Version française
Home     About     Download     Resources     Contact us    
Browse thread
Function Inlining
[ Home ] [ Index: by date | by threads ]
[ Search: ]

[ Message by date: previous | next ] [ Message in thread: previous | next ] [ Thread: previous | next ]
Date: -- (:)
From: John Carr <jfc@M...>
Subject: Re: [Caml-list] Function Inlining

> You're probably running into restrictions other than size that OCaml has 
> on function inlining, such as function definitions inside the function, 
> structured constants and let rec.
> 
> Getting rid of these restrictions could potentially improve OCaml code 
> generation considerably, but as far as I can tell, that would require 
> some additional features in the code generation such as sharing 
> structured constants, explicitly transforming tail calls to loops etc.

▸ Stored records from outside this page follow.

Lemma spectral_decomposition2 (A P1 P2 : op R I) a1 a2 :
  proj_family2 P1 P2 -> (exists i j, P1 i j != 0) -> (exists i j, P2 i j != 0) ->
  (forall i j, A i j = a1 * P1 i j + a2 * P2 i j) ->
  spectral_decomposition A (tnth [tuple a1; a2]) (tnth [tuple P1; P2]).
Proof.
case=> P11 P22 P12 P21 sumP nz1 nz2 defA; split; first split.
- by case=> [[|[|//]] ?] [[|[|//]] ?].
- by rewrite -sumP; apply: op_ext => i j; rewrite /opsum !big_ord_recl big_ord0 addr0.
- by case=> [[|[|//]] ?].
- by apply: op_ext => i j; rewrite defA /opsum !big_ord_recl big_ord0 addr0.
Qed.

Lemma spectral_decomposition3 (A P1 P2 P3 : op R I) a1 a2 a3 :
  proj_family3 P1 P2 P3 ->
  (exists i j, P1 i j != 0) -> (exists i j, P2 i j != 0) -> (exists i j, P3 i j != 0) ->
  (forall i j, A i j = a1 * P1 i j + a2 * P2 i j + a3 * P3 i j) ->
  spectral_decomposition A (tnth [tuple a1; a2; a3]) (tnth [tuple P1; P2; P3]).
Proof.
case=> P11 P22 P33 [P12 [P21 [P13 [P31 [P23 P32]]]]] sumP nz1 nz2 nz3 defA.
split; first split.
- by case=> [[|[|[|//]]] ?] [[|[|[|//]]] ?].
- rewrite -sumP; apply: op_ext => i j.
  by rewrite /opsum !big_ord_recl big_ord0 addr0 addrA.
- by case=> [[|[|[|//]]] ?].
- apply: op_ext => i j.
  by rewrite defA /opsum !big_ord_recl big_ord0 addr0 addrA.
Qed.

End FiniteResolutions.

Lemma eigenvalue_tens_tuple (R : realFieldType) (M N m n : nat)
    (A : op R (V2 M)) (B : op R (V2 N)) (a : m.-tuple R) (b : n.-tuple R)
    (P : 'I_m -> op R (V2 M)) (Q : 'I_n -> op R (V2 N)) l :
  spectral_decomposition A (tnth a) P -> spectral_decomposition B (tnth b) Q ->
  is_eigenvalue (tens A B) l <-> l \in [seq x * y | x <- a, y <- b].
Proof.
move=> decA decB.
apply: iff_trans (eigenvalue_spectral (spectral_decomposition_tens decA decB) l) _.
split=> [[[k k'] ->]|/allpairsP[[x y] [/tnthP[k ->] /tnthP[k' ->] ->]]].
- by apply/allpairsP; exists (tnth a k, tnth b k'); rewrite !mem_tnth.
- by exists (k, k').
Qed.

Section OppositeSpectrum.
Variables (R : realFieldType) (I : finType) (A B : op R I).
Hypothesis eigBA : forall l, is_eigenvalue B l <-> is_eigenvalue A (- l).

Lemma two_neg_eigenvalues_opp : two_pos_eigenvalues A -> two_neg_eigenvalues B.
Proof.
move=> [l1 [l2 [l12 l1_gt0 l2_gt0 eig1 eig2]]]; exists (- l1), (- l2).
by split; rewrite ?eqr_opp ?oppr_lt0 //; apply/eigBA; rewrite opprK.
Qed.

Lemma two_pos_eigenvalues_opp : two_neg_eigenvalues A -> two_pos_eigenvalues B.
Proof.
move=> [l1 [l2 [l12 l1_lt0 l2_lt0 eig1 eig2]]]; exists (- l1), (- l2).
by split; rewrite ?eqr_opp ?oppr_gt0 //; apply/eigBA; rewrite opprK.
Qed.

End OppositeSpectrum.

Lemma two_neg_eigenvalues_not_weyl (R : realFieldType) (I : finType) (A : op R I) :
  two_neg_eigenvalues A -> ~ lemma1_weyl_condition A.
Proof.
move=> [l1 [l2 [l12 l1_lt0 l2_lt0 eig1 eig2]]] [l [_ uniq_l]].
by move: l12; rewrite -(uniq_l l1) // -(uniq_l l2) // eqxx.
Qed.

Lemma two_pos_eigenvalues_not_clifford (R : realFieldType) (I : finType) (A : op R I) :
  two_pos_eigenvalues A -> ~ lemma1_clifford_condition A.
Proof.
move=> [l1 [l2 [l12 l1_gt0 l2_gt0 eig1 eig2]]] [l [_ uniq_l]].
by move: l12; rewrite -(uniq_l l1) // -(uniq_l l2) // eqxx.
Qed.

Lemma rank_s_gt0 k N : dim_ok k N -> (0 < rank_s k N)%N.
Proof. by case: k => /= [|[n [n_ge2 ->]]]; nia. Qed.

Lemma rank_a_gt0 k N : dim_ok k N -> (0 < rank_a k N)%N.
Proof. by case: k => /= [|[n [n_ge2 ->]]]; nia. Qed.

Section BraidEigenvalues.
Variables (R : realFieldType) (k : qgroup) (q : R) (N : nat).
Hypotheses (q_gt0 : 0 < q) (q_neq1 : q != 1).
Let s : R := qsgn R k.

Definition braid_tens_eigenvalues : seq R :=
  [:: q ^+ 2; q ^- 2; -1; s * q ^ (2 - N%:Z); - s * q ^ (- N%:Z)].
Definition braid_inv_tens_eigenvalues : seq R :=
  [:: - q ^+ 2; - q ^- 2; 1; - s * q ^ (2 - N%:Z); s * q ^ (- N%:Z)].

Let q_neq0 : q != 0 := lt0r_neq0 q_gt0.

Lemma braid_exprz_shift : q ^ (2 - N%:Z) = q * q ^ (1 - N%:Z) /\
                          q ^ (- N%:Z) = q^-1 * q ^ (1 - N%:Z).
Proof.
split.
- by rewrite -[X in X * _]expr1z -expfzDr ?q_neq0 //; congr (_ ^ _); lia.
- by rewrite -exprN1 -expfzDr ?q_neq0 //; congr (_ ^ _); lia.
Qed.

Lemma braid_tens_eigenvaluesE :
  [seq x * y | x <- [:: q; - q^-1], y <- [:: q; - q^-1; s * q ^ (1 - N%:Z)]]
  =i braid_tens_eigenvalues.
Proof.
move=> l; rewrite /braid_tens_eigenvalues /=.
have [-> ->] := braid_exprz_shift; set c := q ^ (1 - N%:Z).
have qV : q * q^-1 = 1 by rewrite mulfV ?q_neq0.
have -> : q * q = q ^+ 2 by rewrite expr2.
have -> : q * - q^-1 = -1 by rewrite mulrN qV.
have -> : q * (s * c) = s * (q * c) by rewrite mulrCA.
have -> : - q^-1 * q = -1 by rewrite mulNr mulrC qV.
have -> : - q^-1 * - q^-1 = q ^- 2 by rewrite mulrNN expr2 invfM.
have -> : - q^-1 * (s * c) = - s * (q^-1 * c) by rewrite mulNr mulNr mulrCA.
rewrite !inE.
by case: (l == -1); case: (l == q ^+ 2); case: (l == q ^- 2); rewrite /= ?orbT.
Qed.

Lemma braid_inv_tens_eigenvaluesE :
  [seq x * y | x <- [:: q^-1; - q], y <- [:: q; - q^-1; s * q ^ (1 - N%:Z)]]
  =i braid_inv_tens_eigenvalues.
Proof.
move=> l; rewrite /braid_inv_tens_eigenvalues /=.
have [-> ->] := braid_exprz_shift; set c := q ^ (1 - N%:Z).
have qV : q * q^-1 = 1 by rewrite mulfV ?q_neq0.
have -> : q^-1 * q = 1 by rewrite mulrC qV.
have -> : q^-1 * - q^-1 = - q ^- 2 by rewrite mulrN expr2 invfM.
have -> : q^-1 * (s * c) = s * (q^-1 * c) by rewrite mulrCA.
have -> : - q * q = - q ^+ 2 by rewrite mulNr expr2.
have -> : - q * - q^-1 = 1 by rewrite mulrNN qV.
have -> : - q * (s * c) = - s * (q * c) by rewrite mulNr mulNr mulrCA.
rewrite !inE.
by case: (l == 1); case: (l == - q ^+ 2); case: (l == - q ^- 2); rewrite /= ?orbT // orbC.
Qed.

Lemma braid_inv_tens_eigenvalues_opp l :
  (l \in braid_inv_tens_eigenvalues) = (- l \in braid_tens_eigenvalues).
Proof. by rewrite !inE !mulNr !eqr_oppLR !opprK. Qed.

Lemma q2_neq_qV2 : q ^+ 2 != q ^- 2.
Proof.
apply/eqP => q2E; have : (q ^+ 2) ^+ 2 == 1.
  by rewrite expr2 {1}q2E mulVf // expf_neq0 // q_neq0.
by rewrite !pexpr_eq1 // ?exprn_ge0 ?ltW // (negPf q_neq1).
Qed.

Section SpectrumSigns.
Variables (I : finType) (T : op R I).
Hypothesis eigT : forall l, is_eigenvalue T l <-> l \in braid_tens_eigenvalues.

I have been working on part of this.

My 64 bit SPARC code generator produces bad assembly code when
compiling the TK library.  The failure is caused by poor code
generation in the intermediate phase of the compiler.  There is a
nested (not top level) module named Tkintf containing hundreds of
values.  The code generated to initialize Tk.Tkintf looks like:

	1. compute the hundreds of values to be stored in the Tkintf module
	2. allocate a block to hold Tkintf
	3. store the hundreds of values computed earlier into the Tkintf block
	4. store a pointer to the Tkintf block into the appropriate field of Tk

This sequence results in hundreds of live values.  Most have to be
spilled to the stack between 1 and 3, but the stack can only hold
about 256 values.  (Because ocamlopt does not use register windows
it is limited to a 2 kilobyte stack frame.)  The assembler fails
with address offset out of range errors.

The ocaml developers were aware of this sort of problem and a
different method is used to initialize top level modules, though
there is a separate inefficiency there because it isn't necessary to
compute at runtime the majority of module values which are constant,
either integer constants or pointers to statically allocated blocks.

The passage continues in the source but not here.